▶ [Activity]:
Your answer should be the lines below from the one holding "(BV_alV : forall" through the one holding "(D2_alV : forall", copied exactly and with nothing else.

▶ [Record excerpts]:

Variables (brV : V -> V -> V) (alV : V -> V) (BV : V -> V -> F) (D : V -> V)
  (x0 : V) (lam lam0 beta : F).

(* [a estar + x + b e, c estar + y + d e]
     = [x,y]_V + B_V(D x, y) e + a D(y) + c D(x)  (e central, [estar,estar] = 0) *)
Definition ext_bracket (u v : Lext) : Lext :=
  let: (a, x, b) := u in let: (c, y, d) := v in
  mkL 0 (brV x y + a *: D y + c *: D x) (BV (D x) y).

Definition ext_alpha (u : Lext) : Lext :=
  let: (a, x, b) := u in
  mkL (a * lam) (alV x + a *: x0) (a * lam0 + BV x0 x + b * lam).

Definition ext_form (u v : Lext) : F :=
  let: (a, x, b) := u in let: (c, y, d) := v in
  BV x y + a * d + b * c + beta * (a * c).

End Extension.

(** Over V, the
   hypotheses say that [x0, -] = (1 - lam) D and, since D commutes with alV, that
   D x0 is central; in characteristic 2 the D-invariance of B_V makes D
   B_V-symmetric.  With these rules every component of the Hom-Jacobi identity and
   of multiplicativity becomes a polynomial identity modulo 2 once vectors are
   compared through the nondegenerate form B_V.  The twist al is triangular with
   diagonal (lam, alV, lam), so it is invertible exactly when lam is, and
   evaluating al twice at e^* gives the conditions for al to be an involution. *)

From mathcomp Require Import all_boot all_algebra.
From mathcomp Require Import ring.
Import GRing.Theory.
Local Open Scope ring_scope.
Set Implicit Arguments. Unset Strict Implicit.

Lemma linear_map_eqs (F : fieldType) (W X : lmodType F) (f : W -> X) :
  (forall (a : F) x y, f (a *: x + y) = a *: f x + f y) ->
  [/\ f 0 = 0, {morph f : x y / x + y} & forall a, {morph f : x / a *: x}].
Proof.
move=> f_lin; have f0 : f 0 = 0.
  have := f_lin 1 0 0; rewrite !scale1r addr0 => f0_double.
  by apply: (addIr (f 0)); rewrite add0r -f0_double.
split=> // [x y|a x]; first by have := f_lin 1 x y; rewrite !scale1r.
by rewrite -[a *: x]addr0 f_lin f0 addr0.
Qed.

Lemma addvv_pchar2 (F : fieldType) (W : lmodType F) (v : W) :
  2 \in [pchar F] -> v + v = 0.
Proof. by move=> pchar2F; rewrite -mulr2n -scaler_nat (pcharf0 pchar2F) scale0r. Qed.

Lemma oppv_pchar2 (F : fieldType) (W : lmodType F) (v : W) :
  2 \in [pchar F] -> - v = v.
Proof. by move=> pchar2F; apply/esym/eqP; rewrite -addr_eq0 addvv_pchar2. Qed.

Lemma addv0_eq_pchar2 (F : fieldType) (W : lmodType F) (v w : W) :
  2 \in [pchar F] -> v + w = 0 -> v = w.
Proof. by move=> pchar2F /eqP; rewrite addr_eq0 oppv_pchar2 // => /eqP. Qed.

Lemma scalerDr_ACA (F : fieldType) (W : lmodType F) (k : F) (A B A' B' : W) :
  k *: (A + B) + (A' + B') = (k *: A + A') + (k *: B + B').
Proof. by rewrite scalerDr addrACA. Qed.

Section ExtensionArithmetic.
Variables (F : fieldType) (V : lmodType F).

Lemma Lext0 : 0 = mkL 0 0 0 :> Lext V. Proof. by []. Qed.

Lemma LextD a x b c y d :
  mkL a x b + mkL c y d = mkL (a + c) (x + y) (b + d) :> Lext V.
Proof. by []. Qed.

Lemma LextZ k a x b : k *: mkL a x b = mkL (k * a) (k *: x) (k * b) :> Lext V.
Proof. by []. Qed.

End ExtensionArithmetic.

Section DoubleExtension.
Variables (F : fieldType) (V : lmodType F).
Variables (brV : V -> V -> V) (alV : V -> V) (BV : V -> V -> F) (D : V -> V).
Hypothesis pchar2F : 2 \in [pchar F].
Hypotheses (brV_bilinear : bilinear_bracket brV) (BV_bilinear : bilinear_map BV).
Hypotheses (alV_linear : linear_map alV) (D_linear : linear_map D).

Let brV_linl z := linear_map_eqs (fun a x y => brV_bilinear.1 a x y z).
Let brV_linr z := linear_map_eqs (brV_bilinear.2 ^~ z).
Let BV_linl z := linear_map_eqs (X := F^o) (fun a x y => BV_bilinear.1 a x y z).
Let BV_linr z := linear_map_eqs (X := F^o) (BV_bilinear.2 ^~ z).

Lemma brVDl x y z : brV (x + y) z = brV x z + brV y z.
Proof. by case: (brV_linl z) => _ ->. Qed.
Lemma brVZl a x z : brV (a *: x) z = a *: brV x z.
Proof. by case: (brV_linl z) => _ _ ->. Qed.
Lemma brVDr z x y : brV z (x + y) = brV z x + brV z y.
Proof. by case: (brV_linr z) => _ ->. Qed.
Lemma brVZr a z x : brV z (a *: x) = a *: brV z x.
Proof. by case: (brV_linr z) => _ _ ->. Qed.
Lemma BV0l z : BV 0 z = 0.
Proof. by case: (BV_linl z) => ->. Qed.
Lemma BVDl x y z : BV (x + y) z = BV x z + BV y z.
Proof. by case: (BV_linl z) => _ ->. Qed.
Lemma BVZl a x z : BV (a *: x) z = a * BV x z.
Proof. by case: (BV_linl z) => _ _ ->. Qed.
Lemma BV0r z : BV z 0 = 0.
Proof. by case: (BV_linr z) => ->. Qed.
Lemma BVDr z x y : BV z (x + y) = BV z x + BV z y.
Proof. by case: (BV_linr z) => _ ->. Qed.
Lemma BVZr a z x : BV z (a *: x) = a * BV z x.
Proof. by case: (BV_linr z) => _ _ ->. Qed.
Lemma alV0 : alV 0 = 0.
Proof. by case: (linear_map_eqs alV_linear) => ->. Qed.
Lemma alVD x y : alV (x + y) = alV x + alV y.
Proof. by case: (linear_map_eqs alV_linear) => _ ->. Qed.
Lemma alVZ a x : alV (a *: x) = a *: alV x.
Proof. by case: (linear_map_eqs alV_linear) => _ _ ->. Qed.
Lemma DD x y : D (x + y) = D x + D y.
Proof. by case: (linear_map_eqs D_linear) => _ ->. Qed.
Lemma DZ a x : D (a *: x) = a *: D x.
Proof. by case: (linear_map_eqs D_linear) => _ _ ->. Qed.

Hypothesis brV_alt : forall x, brV x x = 0.

Lemma brVC x y : brV x y = brV y x.
Proof.
apply: addv0_eq_pchar2 => //; have := brV_alt (x + y).
by rewrite brVDl !brVDr !brV_alt add0r addr0.
Qed.

Hypotheses (BV_sym : forall x y, BV x y = BV y x)
  (BV_nondeg : forall x, (forall y, BV x y = 0) -> x = 0).

Lemma BV_ext u v : (forall t, BV u t = BV v t) -> u = v.
Proof.
move=> eqBV; apply/subr0_eq/BV_nondeg => t.
by rewrite BVDl -scaleN1r BVZl eqBV mulN1r subrr.
Qed.

Hypothesis BV_Dinv : D_invariant BV D.

Lemma BV_D_swap x y : BV x (D y) = BV (D x) y.
Proof.
apply: (addv0_eq_pchar2 (W := F^o)) => //; have := BV_Dinv (x + y).
by rewrite /D_invariant DD !BVDl !BVDr !BV_Dinv add0r addr0 (BV_sym y).
Qed.

Lemma BV_D_self x : BV (D x) x = 0.
Proof. by rewrite BV_sym BV_Dinv. Qed.

Hypotheses (BV_invariant : forall x y z, BV (brV x y) z = BV x (brV y z))
  (BV_alV : forall x y, BV (alV x) y = BV x (alV y)).
Hypotheses (alV_mult : hom_multiplicative brV alV) (alV_invol : involutive_map alV).
Hypothesis brV_jacobi : forall x y z,
  brV (alV x) (brV y z) + brV (alV y) (brV z x) + brV (alV z) (brV x y) = 0.

Lemma brV_jacobi_rot x y z :
  brV (alV x) (brV y z) = brV (alV y) (brV z x) + brV (alV z) (brV x y).
Proof. by apply: addv0_eq_pchar2; rewrite // addrA brV_jacobi. Qed.

Lemma BV_alV_alV x y : BV (alV x) (alV y) = BV x y.
Proof. by rewrite BV_alV alV_invol. Qed.

Hypotheses (D_alV : forall x, D (alV x) = alV (D x))
  (D_der : forall x y, D (brV x y) = brV (D x) (alV y) + brV (alV x) (D y)).

Lemma BV_alVD_brV x y z :
  BV (alV (D x)) (brV y z) = BV (alV (D y)) (brV z x) + BV (alV (D z)) (brV x y).
Proof.
rewrite -D_alV -BV_D_swap D_der BVDr; congr (_ + _).
  by rewrite -BV_invariant -BV_alV alV_mult alV_invol BV_invariant BV_sym BV_invariant.
by rewrite -BV_invariant -alV_mult BV_alV BV_sym.
Qed.

Lemma BV_alVDD_sym y z : BV (alV (D (D z))) y = BV (alV (D (D y))) z.
Proof. by rewrite BV_alV BV_sym !BV_D_swap !D_alV. Qed.

Variables (x0 : V) (lam : F).
Hypotheses (D_x0 : forall y, lam *: D y + brV x0 y = D y) (alV_Dx0 : alV (D x0) = D x0)
  (D2_alV : forall y, alV (D (D y)) + D (D (alV y)) = brV (D x0) y).

(* In characteristic 2 this is (1 + lam) *: D y, but [ring: two0] only cancels
   coefficients equal to 2, and (1 + lam) would produce coefficients 4 below. *)
Lemma brV_x0l y : brV x0 y = (1 - lam) *: D y.
Proof. by rewrite scalerBl scale1r -{1}(D_x0 y) [lam *: D y + _]addrC addrK. Qed.

Lemma brV_x0r y : brV y x0 = (1 - lam) *: D y.
Proof. by rewrite brVC brV_x0l. Qed.

Lemma brV_Dx0l y : brV (D x0) y = 0.
Proof. by rewrite -D2_alV !D_alV addvv_pchar2. Qed.

Lemma BV_Dx0_brV y z : BV (D x0) (brV y z) = 0.
Proof. by rewrite -BV_invariant brV_Dx0l BV0l. Qed.

Lemma BV_x0_brV x y : BV x0 (brV x y) = (1 - lam) * BV (D x) y.
Proof. by rewrite -BV_invariant brV_x0l BVZl. Qed.

Lemma BV_alVD_x0 x : BV (alV (D x)) x0 = BV (D x0) x.
Proof. by rewrite BV_sym -D_alV BV_D_swap -BV_alV alV_Dx0. Qed.

Lemma BV_Dx0_alV y : BV (D x0) (alV y) = BV (D x0) y.
Proof. by rewrite -BV_alV alV_Dx0. Qed.

Variables (lam0 beta : F).
Local Notation br := (ext_bracket brV BV D).
Local Notation al := (ext_alpha alV BV x0 lam lam0).
Local Notation B := (ext_form BV beta).

Lemma ext_bracket_bilinear : bilinear_bracket br.
Proof.
split=> k [[a x] b] [[c y] d] [[f z] g];
  rewrite LextZ LextD /ext_bracket /= LextZ LextD; congr mkL; rewrite ?mulr0 ?addr0 //.
- rewrite !scalerDr_ACA brV_bilinear.1; congr (_ + _ + _).
    by rewrite scalerDl scalerA.
  by rewrite D_linear scalerDr !scalerA mulrC.
- by rewrite D_linear BV_bilinear.1.
- rewrite !scalerDr_ACA brV_bilinear.2; congr (_ + _ + _).
    by rewrite D_linear scalerDr !scalerA mulrC.
  by rewrite scalerDl scalerA.
- by rewrite BV_bilinear.2.
Qed.

Lemma ext_alpha_linear : linear_map al.
Proof.
move=> k [[a x] b] [[c y] d]; rewrite LextZ LextD /ext_alpha /= LextZ LextD; congr mkL.
- by rewrite mulrDl mulrA.
- by rewrite scalerDr_ACA alV_linear scalerDl scalerA.
- by rewrite BV_bilinear.2; ring.
Qed.

Lemma ext_bracket_alt u : br u u = 0.
Proof.
case: u => [[a x] b]; rewrite /ext_bracket /= Lext0.
by rewrite brV_alt add0r addvv_pchar2 // BV_D_self.
Qed.
(* Let $p$ be a prime, let $m\ge 0$ be an integer, and let $f:\mathbb{Z}_p\to\mathbb{Z}_p$ be an arithmetic differential operator of order $m$. Then $f$ is an analytic function of level $m$.
   Context: $\mathbb{Z}_p$ denotes the ring of $p$-adic integers with the $p$-adic norm $|\cdot|_p$, $|p|_p=p^{-1}$. The Fermat quotient operator is $\delta:\mathbb{Z}_p\to\mathbb{Z}_p$, $\delta a=(a-a^p)/p$, and $\delta^i$ denotes its $i$-th iterate. A power series $F=\sum_{\alpha} a_\alpha x^\alpha\in\mathbb{Z}_p[[x_0,\dots,x_k]]$ is called restricted if $a_\alpha\to 0$ $p$-adically as $|\alpha|=\alpha_0+\dots+\alpha_k\to\infty$. A function $f:\mathbb{Z}_p\to\mathbb{Z}_p$ is an arithmetic differential operator of order $m$ if there is a restricted power series $F\in\mathbb{Z}_p[[x_0,\dots,x_m]]$ with $f(a)=F(a,\delta a,\dots,\delta^m a)$ for all $a\in\mathbb{Z}_p$. A function $f:\mathbb{Z}_p\to\mathbb{Z}_p$ is analytic of level $m$ if for every $a\in\mathbb{Z}_p$ there is a restricted power series $F_a\in\mathbb{Z}_p[[x]]$ (one variable) such that $f(a+p^m u)=F_a(u)$ for all $u\in\mathbb{Z}_p$. *)

From mathcomp Require Import all_boot.
Set Implicit Arguments. Unset Strict Implicit. Unset Printing Implicit Defensive.

(* p-adic integers, represented by their canonical residues:
   x n is the residue of x modulo p^n (0 <= x n < p^n), compatible. *)
Definition is_Zp (p : nat) (x : nat -> nat) : Prop :=
  forall n, x n < p ^ n /\ x n.+1 %% p ^ n = x n.

Definition Zp (p : nat) := {x : nat -> nat | is_Zp p x}.

(* Fermat quotient delta a = (a - a^p)/p on residue sequences:
   (delta a) mod p^n is computed from a mod p^(n+1) =: b as
   -((b^p - b)/p) mod p^n. *)
Definition delta (p : nat) (x : nat -> nat) : nat -> nat :=
  fun n => (p ^ n - ((x n.+1 ^ p - x n.+1) %/ p) %% p ^ n) %% p ^ n.

Definition mindex (k : nat) := {ffun 'I_k -> nat}.

(* A power series in k variables with coefficients in Z_p is
   restricted: a_alpha -> 0 p-adically as |alpha| -> oo. *)
Definition restricted (p k : nat) (a : mindex k -> Zp p) : Prop :=
  forall n, exists N, forall alpha : mindex k,
    N <= \sum_(i < k) alpha i -> proj1_sig (a alpha) n = 0.

Definition partial_sum (p k : nat) (a : mindex k -> Zp p)
    (x : 'I_k -> nat -> nat) (N n : nat) : nat :=
  (\sum_(alpha : {ffun 'I_k -> 'I_N} | \sum_(i < k) (alpha i : nat) < N)
     proj1_sig (a [ffun i => (alpha i : nat)]) n *
     \prod_(i < k) x i n ^ (alpha i)) %% p ^ n.

Definition series_eval (p k : nat) (a : mindex k -> Zp p)
    (x : 'I_k -> nat -> nat) (y : nat -> nat) : Prop :=
  forall n, exists N, forall N', N <= N' -> y n = partial_sum a x N' n.

Definition arith_diff_op (p m : nat) (f : Zp p -> Zp p) : Prop :=
  exists F : mindex m.+1 -> Zp p, restricted F /\
    forall a : Zp p,
      series_eval F (fun i : 'I_m.+1 => iter i (delta p) (proj1_sig a))
                  (proj1_sig (f a)).

(* f is analytic of level m: for every a there is a restricted F_a in one
   variable with f(a + p^m u) = F_a(u) for all u. *)
Definition analytic_level (p m : nat) (f : Zp p -> Zp p) : Prop :=
  forall a : Zp p, exists F : mindex 1 -> Zp p, restricted F /\
    forall u b : Zp p,
      (forall n, proj1_sig b n = (proj1_sig a n + p ^ m * proj1_sig u n) %% p ^ n) ->
      series_eval F (fun _ : 'I_1 => proj1_sig u) (proj1_sig (f b)).

(* Write b = a + p^m u and let A be an integer lift of a.  The polynomial
   A + p^m X is congruent to a constant modulo p^m, so its Fermat quotient
   (P - P^p)/p is again an integer polynomial, congruent to a constant modulo
   p^(m-1); iterating, delta^i b is the value at u of an integer polynomial
   for every i <= m.  Substituting these polynomials into the truncation of F
   at precision p^n gives integer polynomials Q_n with f(b) = Q_n(u) modulo
   p^n, and Q_n = Q_(n+1) modulo p^n coefficientwise; the p-adic limits of
   the coefficients form the restricted series F_a. *)

From mathcomp Require Import all_boot all_algebra.
From mathcomp Require Import ring zify.
From Stdlib Require Import ClassicalEpsilon.
Import GRing.Theory Num.Theory.
Set Implicit Arguments. Unset Strict Implicit. Unset Printing Implicit Defensive.
Local Open Scope ring_scope.

Definition eqmodp (R : comNzRingType) (p j : nat) (x y : R) :=
  exists d, y = x + p%:R ^+ j * d.

Section Congruence.
Variables (R : comNzRingType) (p j : nat).

Lemma eqmodp_refl (x : R) : eqmodp p j x x.
Proof. by exists 0; rewrite mulr0 addr0. Qed.

Lemma eqmodp_sym (x y : R) : eqmodp p j x y -> eqmodp p j y x.
Proof. by case=> d ->; exists (- d); ring. Qed.

Lemma eqmodp_trans (x y z : R) :
  eqmodp p j x y -> eqmodp p j y z -> eqmodp p j x z.
Proof. by case=> d -> [e ->]; exists (d + e); ring. Qed.

Lemma eqmodpD (x y x' y' : R) :
  eqmodp p j x x' -> eqmodp p j y y' -> eqmodp p j (x + y) (x' + y').
Proof. by case=> d -> [e ->]; exists (d + e); ring. Qed.

Lemma eqmodpB (x y x' y' : R) :
  eqmodp p j x x' -> eqmodp p j y y' -> eqmodp p j (x - y) (x' - y').
Proof. by case=> d -> [e ->]; exists (d - e); ring. Qed.

Lemma eqmodpM (x y x' y' : R) :
  eqmodp p j x x' -> eqmodp p j y y' -> eqmodp p j (x * y) (x' * y').
Proof.
by case=> d -> [e ->]; exists (d * y + x * e + p%:R ^+ j * d * e); ring.
Qed.

Lemma eqmodp0M (x y : R) : eqmodp p j 0 x -> eqmodp p j 0 (x * y).
Proof. by case=> d ->; exists (d * y); ring. Qed.

Lemma eqmodpX (x x' : R) k : eqmodp p j x x' -> eqmodp p j (x ^+ k) (x' ^+ k).
Proof.
move=> xx'; elim: k => [|k IHk]; first exact: eqmodp_refl.
by rewrite !exprS; apply: eqmodpM.
Qed.

Lemma eqmodp_sum (I : Type) (r : seq I) (P : pred I) (F G : I -> R) :
  (forall i, P i -> eqmodp p j (F i) (G i)) ->
  eqmodp p j (\sum_(i <- r | P i) F i) (\sum_(i <- r | P i) G i).
Proof.
move=> FG; apply: (big_ind2 (eqmodp p j)) => //; first exact: eqmodp_refl.
by move=> ? ? ? ?; apply: eqmodpD.
Qed.

Lemma eqmodp_sum0 (I : Type) (r : seq I) (P : pred I) (G : I -> R) :
  (forall i, P i -> eqmodp p j 0 (G i)) -> eqmodp p j 0 (\sum_(i <- r | P i) G i).
Proof. by move=> G0; have := eqmodp_sum r G0; rewrite big1_eq. Qed.

Lemma eqmodp_prod (I : Type) (r : seq I) (P : pred I) (F G : I -> R) :
  (forall i, P i -> eqmodp p j (F i) (G i)) ->
  eqmodp p j (\prod_(i <- r | P i) F i) (\prod_(i <- r | P i) G i).
Proof.
move=> FG; apply: (big_ind2 (eqmodp p j)) => //; first exact: eqmodp_refl.
by move=> ? ? ? ?; apply: eqmodpM.
Qed.

Lemma eqmodp_weaken i (x y : R) : (i <= j)%N -> eqmodp p j x y -> eqmodp p i x y.
Proof.
by move=> ij [d ->]; exists (p%:R ^+ (j - i) * d); rewrite mulrA -exprD subnKC.
Qed.

Lemma eqmodp_rmorph (S : comNzRingType) (f : {rmorphism R -> S}) (x y : R) :
  eqmodp p j x y -> eqmodp p j (f x) (f y).
Proof.
by case=> d ->; exists (f d); rewrite rmorphD rmorphM rmorphXn rmorph_nat.
Qed.

End Congruence.

Lemma eqmodp_coef (p j : nat) (P Q : {poly int}) k :
  eqmodp p j P Q -> eqmodp p j P`_k Q`_k.
Proof.
by case=> d ->; exists d`_k; rewrite coefD -polyC_natr -rmorphXn coefCM.
Qed.

Lemma natz_exp (p j : nat) : (p ^ j)%N = p%:R ^+ j :> int.
Proof. by rewrite -natrX natz. Qed.

Lemma eqmodp_nat (p j x y : nat) :
  eqmodp p j (x : int) (y : int) <-> x = y %[mod p ^ j].
Proof.
split=> [[d xy]|xy].
  apply/eqP; rewrite -eqz_nat -!modz_nat xy.
  by rewrite -natz_exp addrC mulrC modzMDl.
exists ((y %/ p ^ j)%N%:Z - (x %/ p ^ j)%N%:Z).
rewrite {1}(divn_eq x (p ^ j)) {1}(divn_eq y (p ^ j)) xy !PoszD !PoszM natz_exp.
ring.
Qed.

Lemma eqmodp_modz (p j : nat) (z : int) : eqmodp p j (z %% (p ^ j)%N)%Z z.
Proof.
by exists (z %/ (p ^ j)%N)%Z; rewrite -natz_exp addrC mulrC -divz_eq.
Qed.

Lemma eqmodp_expp (R : comNzRingType) (p k : nat) (x y : R) : (0 < p)%N ->
  eqmodp p k.+1 x y -> eqmodp p k.+2 (x ^+ p) (y ^+ p).
Proof.
case: p => // p _ [d ->].
have binom n : exists S, (x + p.+1%:R ^+ k.+1 * d) ^+ n.+1 =
    x ^+ n.+1 + p.+1%:R ^+ k.+1 * (n.+1%:R * x ^+ n * d) + (p.+1%:R ^+ k.+1 * d) ^+ 2 * S.
  elim: n => [|n [S IHn]]; first by exists 0; rewrite !expr1 expr0; ring.
  exists (x * S + n.+1%:R * x ^+ n + p.+1%:R ^+ k.+1 * d * S).
  by rewrite exprS IHn !exprS -[n.+2]addn1 -[n.+1]addn1 !natrD; ring.
have [S ->] := binom p.
by exists (x ^+ p * d + p.+1%:R ^+ k * d ^+ 2 * S); rewrite !exprS; ring.
Qed.

Lemma fermat_defect_cong (R : comNzRingType) (p k : nat) (x y t : R) :
  (0 < p)%N -> x - x ^+ p = p%:R * t -> eqmodp p k.+1 x y ->
  exists2 t', y - y ^+ p = p%:R * t' & eqmodp p k t t'.
Proof.
move=> p_gt0 xt xy.
have [e ->] := eqmodpB xy (eqmodp_weaken (leqnSn _) (eqmodp_expp p_gt0 xy)).
by exists (t + p%:R ^+ k * e); [rewrite xt exprS; ring | exists e].
Qed.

▶ [Answer]:
  (BV_alV : forall x y, BV (alV x) y = BV x (alV y)).
Hypotheses (alV_mult : hom_multiplicative brV alV) (alV_invol : involutive_map alV).
Hypothesis brV_jacobi : forall x y z,
  brV (alV x) (brV y z) + brV (alV y) (brV z x) + brV (alV z) (brV x y) = 0.

Lemma brV_jacobi_rot x y z :
  brV (alV x) (brV y z) = brV (alV y) (brV z x) + brV (alV z) (brV x y).
Proof. by apply: addv0_eq_pchar2; rewrite // addrA brV_jacobi. Qed.

Lemma BV_alV_alV x y : BV (alV x) (alV y) = BV x y.
Proof. by rewrite BV_alV alV_invol. Qed.

Hypotheses (D_alV : forall x, D (alV x) = alV (D x))
  (D_der : forall x y, D (brV x y) = brV (D x) (alV y) + brV (alV x) (D y)).

Lemma BV_alVD_brV x y z :
  BV (alV (D x)) (brV y z) = BV (alV (D y)) (brV z x) + BV (alV (D z)) (brV x y).
Proof.
rewrite -D_alV -BV_D_swap D_der BVDr; congr (_ + _).
  by rewrite -BV_invariant -BV_alV alV_mult alV_invol BV_invariant BV_sym BV_invariant.
by rewrite -BV_invariant -alV_mult BV_alV BV_sym.
Qed.

Lemma BV_alVDD_sym y z : BV (alV (D (D z))) y = BV (alV (D (D y))) z.
Proof. by rewrite BV_alV BV_sym !BV_D_swap !D_alV. Qed.

Variables (x0 : V) (lam : F).
Hypotheses (D_x0 : forall y, lam *: D y + brV x0 y = D y) (alV_Dx0 : alV (D x0) = D x0)
  (D2_alV : forall y, alV (D (D y)) + D (D (alV y)) = brV (D x0) y).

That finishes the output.